That left John Bradley in Williamson County as the tuff-on-crime standard bearer for Texas DAs. He was based close to Austin, had legislative experience (including at one point two decades ago as a staffer to Senate Criminal Justice Chairman John Whtimire) and for several sessions he had the Governor's ear, getting Perry to veto Jerry Madden and Whitmire's probation reforms in 2005 and throwing his weight around on the Texas Forensic Science Commission. But history, the Texas Senate and ultimately his own local Republican primary voters did not deal kindly with JB.

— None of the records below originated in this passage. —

Lemma tgt_tb_inv b : bijective_map (fun e => tgt (b e)) ->
  forall e, tgt (b (tb_inv b e)) = e.
Proof.
  intros [g [_ Hg]] e. unfold tb_inv.
  destruct (excluded_middle_informative _) as [Hex | Hnex].
  - exact (proj2_sig (constructive_indefinite_description _ Hex)).
  - exfalso; apply Hnex; exists (g e); apply Hg.
Qed.

Lemma tb_inv_tgt b : bijective_map (fun e => tgt (b e)) ->
  forall e, tb_inv b (tgt (b e)) = e.
Proof.
  intros Hb e. pose proof (tgt_tb_inv Hb (tgt (b e))) as E.
  destruct Hb as [g [Hg _]]. apply (f_equal g) in E. rewrite !Hg in E. exact E.
Qed.

Lemma src_bis_mul a b : (forall e, src (a e) = e) ->
  forall e, src (bis_mul a b e) = src (b e).
Proof. intros Ha e. unfold bis_mul. rewrite src_comp; auto. Qed.

Lemma tgt_bis_mul a b : (forall e, src (a e) = e) ->
  forall e, tgt (bis_mul a b e) = tgt (a (tgt (b e))).
Proof. intros Ha e. unfold bis_mul. rewrite tgt_comp; auto. Qed.

Lemma src_bis_inv b : is_bis b -> forall e, src (bis_inv b e) = e.
Proof. intros [_ Hb] e. unfold bis_inv. rewrite src_inv. apply tgt_tb_inv, Hb. Qed.

Lemma tgt_bis_inv b : is_bis b -> forall e, tgt (bis_inv b e) = tb_inv b e.
Proof. intros [Hs _] e. unfold bis_inv. rewrite tgt_inv. apply Hs. Qed.

Lemma src_bis b : is_bis b -> forall e, src (b e) = e.
Proof. intros [Hs _]. exact Hs. Qed.

Lemma bis_one_is_bis : is_bis (bis_one C).
Proof.
  split; [intro; apply src_idm |].
  exists (fun e => e). unfold bis_one. split; intro; rewrite tgt_idm; reflexivity.
Qed.

Lemma bis_mul_is_bis a b : is_bis a -> is_bis b -> is_bis (bis_mul a b).
Proof.
  intros [Ha [ga [Ha1 Ha2]]] [Hb [gb [Hb1 Hb2]]]. split.
  - intro e. rewrite src_bis_mul; auto.
  - exists (fun e => gb (ga e)). split; intro x; rewrite ?tgt_bis_mul by auto.
    + rewrite Ha1, Hb1; reflexivity.
    + rewrite Hb2, Ha2; reflexivity.
Qed.

Lemma bis_inv_is_bis b : is_bis b -> is_bis (bis_inv b).
Proof.
  intros Hb. split; [apply src_bis_inv, Hb |].
  exists (fun e => tgt (b e)). split; intro x; simpl; rewrite tgt_bis_inv by exact Hb.
  - apply tgt_tb_inv, Hb.
  - apply tb_inv_tgt, Hb.
Qed.

End BisectionGroup.

Global Hint Resolve src_bis bis_one_is_bis bis_mul_is_bis bis_inv_is_bis : bis.

Section BisectionGroupLaws.
Context {C : groupoid}.
Implicit Types a b c k m n : Ob C -> Mor C.

Lemma bis_mulA a b c : is_bis a -> is_bis b ->
  bis_mul a (bis_mul b c) = bis_mul (bis_mul a b) c.
Proof.
  intros [Ha _] [Hb _]. apply functional_extensionality; intro e. unfold bis_mul.
  rewrite tgt_comp by (rewrite Hb; reflexivity).
  rewrite comp_assoc; rewrite ?Hb, ?Ha; reflexivity.
Qed.

Lemma bis_mul1l b : bis_mul (bis_one C) b = b.
Proof.
  apply functional_extensionality; intro e. unfold bis_mul, bis_one. apply comp_idl.
Qed.

Lemma bis_mul1r b : is_bis b -> bis_mul b (bis_one C) = b.
Proof.
  intros [Hs _]. apply functional_extensionality; intro e. unfold bis_mul, bis_one.
  rewrite tgt_idm. rewrite <- (Hs e) at 2. apply comp_idr.
Qed.

Lemma bis_mulVl b : is_bis b -> bis_mul (bis_inv b) b = bis_one C.
Proof.
  intros [Hs Hb]. apply functional_extensionality; intro e.
  unfold bis_mul, bis_one, bis_inv. rewrite tb_inv_tgt, comp_invl, Hs; auto.
Qed.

Today, who is there to replace him among elected DAs in that tuffer-than-thou vein? Susan Reed in Bexar County, to some extent, though perhaps for partisan reasons her delegation doesn't reliably carry her water. Abel Reyna  from Waco is outspoken and based just 90 miles away but his office is not engaged at the capitol. Neither is the Smith County DA - they have a hard-line reputation but they're not represented at the capitol day-to-day the way the larger counties often assign a full-time prosecutor to monitor legislation in Austin. El Paso's DA qualifies as a modest reformer. Prosecutors from the Valley occasionally show up, though mostly for local issues. And as for Harris County, my own dealings with new DA Mike Anderson's statehouse lobby team have been civil and productive - a much more pleasant and reasonable experience than either under Lykos or Rosenthal.

The result has been a remarkable change in tone from prosecutors' own representatives, exemplified by their new stance on discovery. There are still some outliers who'd like to kill discovery reform, I'm reliably told, but the prosecutors' association is doing its best job at cat herding to try to keep them in line. Enjoy it now, there's no telling how long this kinder, gentler face will predominate.

Either way, Ramsey is right that that Texas prosecutors recently faced remarkable political and legal setbacks and no longer enjoy an air of invincibility. However, I don't think they've agreed to a one-sided discovery bill just because they're weak. Many of them already have open file policies and so don't see the harm. I think it's also because they want to position themselves again as the guys in the white hats, a perception that just a few years ago at the capitol all of them took for granted. Folks like Lehmberg, Anderson, and Bradley aren't used to being the bad guys and their peers don't like being tarnished by their actions. They're still a powerful force at the capitol, though, and it'd be a mistake to suppose these temporary setbacks will diminish Texas prosecutors' clout any time soon, even if they need to find new messengers.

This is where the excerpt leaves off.